X_train, X_test, y_train, y_test = train_test_split(data, y, test_size=0.2, random_state=0)
print(y_train.shape, y_test.shape)

(561,) (141,)


We want to sample the data array using the `data[start:stop:step]` slice paradigm. This means we are taking elements of the array `data` starting at `start`, ending at `stop` with step `step`. This is why previously `data[::DS]` down sampled at a rate of DS. For example, 

    lst = list(range(165)); lst[6::10]
    
returns

    [6, 16, 26, 36, 46, 56, 66, 76, 86, 96, 106, 116, 126, 136, 146, 156]

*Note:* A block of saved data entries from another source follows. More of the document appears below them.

(* The Walsh transform W of a function h : F -> C (here h = (-1)^f for
   bentness, h = (-1)^f i^wt for negabentness) satisfies
   |W(mu)|^2 = sum_a chi(mu a) r(a) with r the autocorrelation of h, so W is
   flat iff r vanishes off 0.  For the quadratic f one has
   f(a+y) + f(y) = f(a) + Tr(y a^(2^k) c) with c = lam + lam^(2^k), and in a
   self-dual basis i^wt(a+y) i^-wt(y) = i^wt(a) (-1)^Tr(a y).  Hence
   r(a) = (unit) * 2^n * [L a = 0] with L a = a^(2^k) c in the bent case and
   L a = a^(2^k) c + a in the negabent case, and flatness amounts to L having
   trivial kernel, i.e. c <> 0, resp. c <> 1 (as c lies in F_(2^k)). *)

Lemma natr_bool_inj (R : nzRingType) (a b : bool) : (a%:R : R) = b%:R -> a = b.
Proof. by case: a; case: b => //= /eqP; rewrite ?oner_eq0 // eq_sym oner_eq0. Qed.

Lemma natr_bool_eq0 (R : nzRingType) (b : bool) : ((b%:R : R) == 0) = ~~ b.
Proof. by case: b; rewrite ?oner_eq0 ?eqxx. Qed.

Lemma natr_big_addb (R : nzRingType) (I : finType) (P : I -> bool) :
  2%N \in [pchar R] -> \sum_i (P i)%:R = (\big[addb/false]_i P i)%:R :> R.
Proof.
move=> hc; symmetry; apply: (big_morph (fun b : bool => b%:R)) => // b1 b2.
by case: b1; case: b2; rewrite ?addr0 ?add0r ?(addrr_pchar2 hc).
Qed.

Section Trace.
Variables (F : finFieldType) (n : nat).
Hypothesis hc : 2%N \in [pchar F].
Hypothesis hx : forall x : F, x ^+ (2 ^ n) = x.

Lemma expr2nD (x y : F) i : (x + y) ^+ (2 ^ i) = x ^+ (2 ^ i) + y ^+ (2 ^ i).
Proof. by rewrite exprDn_pchar // (eq_pnat _ (pcharf_eq hc)) pnatX pnat_id. Qed.

Lemma tr0 : tr n (0 : F) = 0.
Proof. by rewrite /tr big1 // => i _; rewrite expr0n expn_eq0. Qed.

Lemma trD (x y : F) : tr n (x + y) = tr n x + tr n y.
Proof. by rewrite /tr -big_split; apply: eq_bigr => i _; apply: expr2nD. Qed.

Lemma tr_sum (I : finType) (P : pred I) (G : I -> F) :
  tr n (\sum_(i | P i) G i) = \sum_(i | P i) tr n (G i).
Proof. exact: (big_morph _ trD tr0). Qed.

Lemma tr_natbM (b : bool) (x : F) : tr n (b%:R * x) = b%:R * tr n x.
Proof. by case: b; rewrite ?mul1r ?mul0r ?tr0. Qed.

Lemma tr_sqr (x : F) : tr n (x ^+ 2) = tr n x.
Proof.
rewrite /tr; case: n hx => [|m] hm; first by rewrite !big_ord0.
rewrite big_ord_recr big_ord_recl /= expn0 expr1 -exprM -expnS hm addrC.
by congr (_ + _); apply: eq_bigr => i _; rewrite -exprM -expnS.
Qed.

Lemma tr_exp2n (x : F) j : tr n (x ^+ (2 ^ j)) = tr n x.
Proof. by elim: j => [|j IH]; rewrite ?expn0 ?expr1 // expnSr exprM tr_sqr. Qed.

Lemma sqr_tr (x : F) : tr n x ^+ 2 = tr n x.
Proof.
rewrite -{2}(tr_sqr x); have -> : tr n x ^+ 2 = pFrobenius_aut hc (tr n x) by [].
by rewrite rmorph_sum; apply: eq_bigr => i _; rewrite /= exprAC.
Qed.

Lemma tr_trb (x : F) : tr n x = (trb n x)%:R.
Proof.
rewrite /trb; have := sqr_tr x; case: eqP => [->|/eqP nz] //= h.
by apply: (mulIf nz); rewrite mul1r -expr2 h.
Qed.

Lemma trbD (x y : F) : trb n (x + y) = trb n x (+) trb n y.
Proof.
apply: (natr_bool_inj (R := F)); rewrite -tr_trb trD !tr_trb.
by case: (trb n x); case: (trb n y); rewrite ?addr0 ?add0r ?(addrr_pchar2 hc).
Qed.

Lemma trb0 : trb n (0 : F) = false.
Proof. by rewrite /trb tr0 eqxx. Qed.

End Trace.

Lemma sgnD (a b : bool) : sgn (a (+) b) = sgn a * sgn b.
Proof. by case: a; case: b; rewrite /sgn ?mulr1 ?mul1r ?mulrNN ?mulr1. Qed.

Lemma conj_sgn b : (sgn b)^* = sgn b.
Proof. by case: b; rewrite /sgn ?rmorph1 ?rmorphN1. Qed.

Lemma sgn_neq0 b : sgn b != 0.
Proof. by case: b; rewrite /sgn ?oppr_eq0 oner_eq0. Qed.

Lemma sgn_xor (I : finType) (P : I -> bool) :
  sgn (\big[addb/false]_i P i) = \prod_i sgn (P i).
Proof. exact: (big_morph _ sgnD). Qed.

Lemma normC_sqrtC_exp2n (z : algC) m :
  `|z| = sqrtC (2 ^+ m) <-> z * z^* = (2 ^ m)%:R.
Proof.
rewrite natrX -normCK; split => [->|H]; first by rewrite sqrtCK.
apply/eqP; rewrite -(eqrXn2 (n := 2)) ?sqrtC_ge0 ?normr_ge0 ?exprn_ge0 ?ler0n //.
by rewrite sqrtCK H.
Qed.

Section Character.
Variables (F : finFieldType) (n : nat).
Hypothesis hc : 2%N \in [pchar F].
Hypothesis hx : forall x : F, x ^+ (2 ^ n) = x.
Hypothesis htr : exists t : F, trb n t.

Definition chi (x : F) : algC := sgn (trb n x).

Lemma chiD x y : chi (x + y) = chi x * chi y.
Proof. by rewrite /chi trbD // sgnD. Qed.

Lemma chi0 : chi 0 = 1.
Proof. by rewrite /chi trb0. Qed.

Lemma sum_chi (b : F) : \sum_mu chi (mu * b) = if b == 0 then #|F|%:R else 0.
Proof.
case: eqP => [->|/eqP nz].
  by under eq_bigr do rewrite mulr0 chi0; rewrite sumr_const.
have [t trt] := htr; set S := \sum_mu _.
have : S = - S.
  rewrite {1}/S (reindex_inj (addrI (t / b))) /=.
  under eq_bigr do rewrite mulrDl divfK // addrC chiD.
  by rewrite -mulr_suml /chi trt /sgn mulrN1.
by move/eqP; rewrite -addr_eq0 -mulr2n mulrn_eq0 => /eqP.
Qed.

Definition fourier (h : F -> algC) mu := \sum_x h x * chi (mu * x).

Lemma walsh_fourier (g : F -> bool) mu :
  walsh n g mu = fourier (fun x => sgn (g x)) mu.
Proof. by apply: eq_bigr => x _; rewrite sgnD. Qed.

Lemma bentE (g : F -> bool) : #|F| = (2 ^ n)%N ->
  bent n g <-> forall mu,
    fourier (fun x => sgn (g x)) mu * (fourier (fun x => sgn (g x)) mu)^* = #|F|%:R.
Proof.
by move=> hcard; rewrite /bent hcard; split=> H mu; have := H mu;
  rewrite walsh_fourier normC_sqrtC_exp2n.
Qed.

We need to create two new arrays, one of shape $[561\times DS, 36608/DS]$ containing the down sampled data, and one of shape $[561\times DS]$ containing the labels. The for each of the $N_{train}$ images in the training array, we need to create $DS$ new down sampled images, with the downsample starting from $i$:

`Xds_train[n+i, :] = X_train[i::DS]`

This will split our images into DS down sampled images. We then need to be sure to save out the appropriate label:

In [39]:
DS = 8             # Downsample rate, must be a multiple of 36608

N_train = y_train.shape[0]  # The length of the training data
y_train = np.array(y_train)

if 36608/DS % 1 > 0:
    print("Downsample rate is not a multiple of 36608")
    DS = 1
    im_size = 36608
else:
    im_size = int(36608/DS)

Xds_train = np.zeros([N_train*DS, im_size])
yds_train = np.zeros([N_train*DS])
   
for n in range(N_train):
    for i in range(DS):
        Xds_train[n*DS+i,:] = X_train[n,i::DS]
        yds_train[n*DS+i] = y_train[n]

In [44]:
from sklearn.discriminant_analysis import LinearDiscriminantAnalysis

qda = LinearDiscriminantAnalysis(store_covariance=True)
qda.fit(Xds_train, (2*yds_train).astype("int"))
print("Score: %.3f"%qda.score(Xds_train,(2*yds_train).astype("int")))



Score: 1.000


In [42]:
(2*yds_train).astype("int")

array([0, 0, 0, ..., 2, 2, 2])

### Question 1:

Based on the code above, downsample the test data in the same way. 

### Question 2:

Perform LDA, QDA, Logistic Regression and Categorical Linear Regression on the down sampled Oasis 1 dataset. How do these compare to linear regression?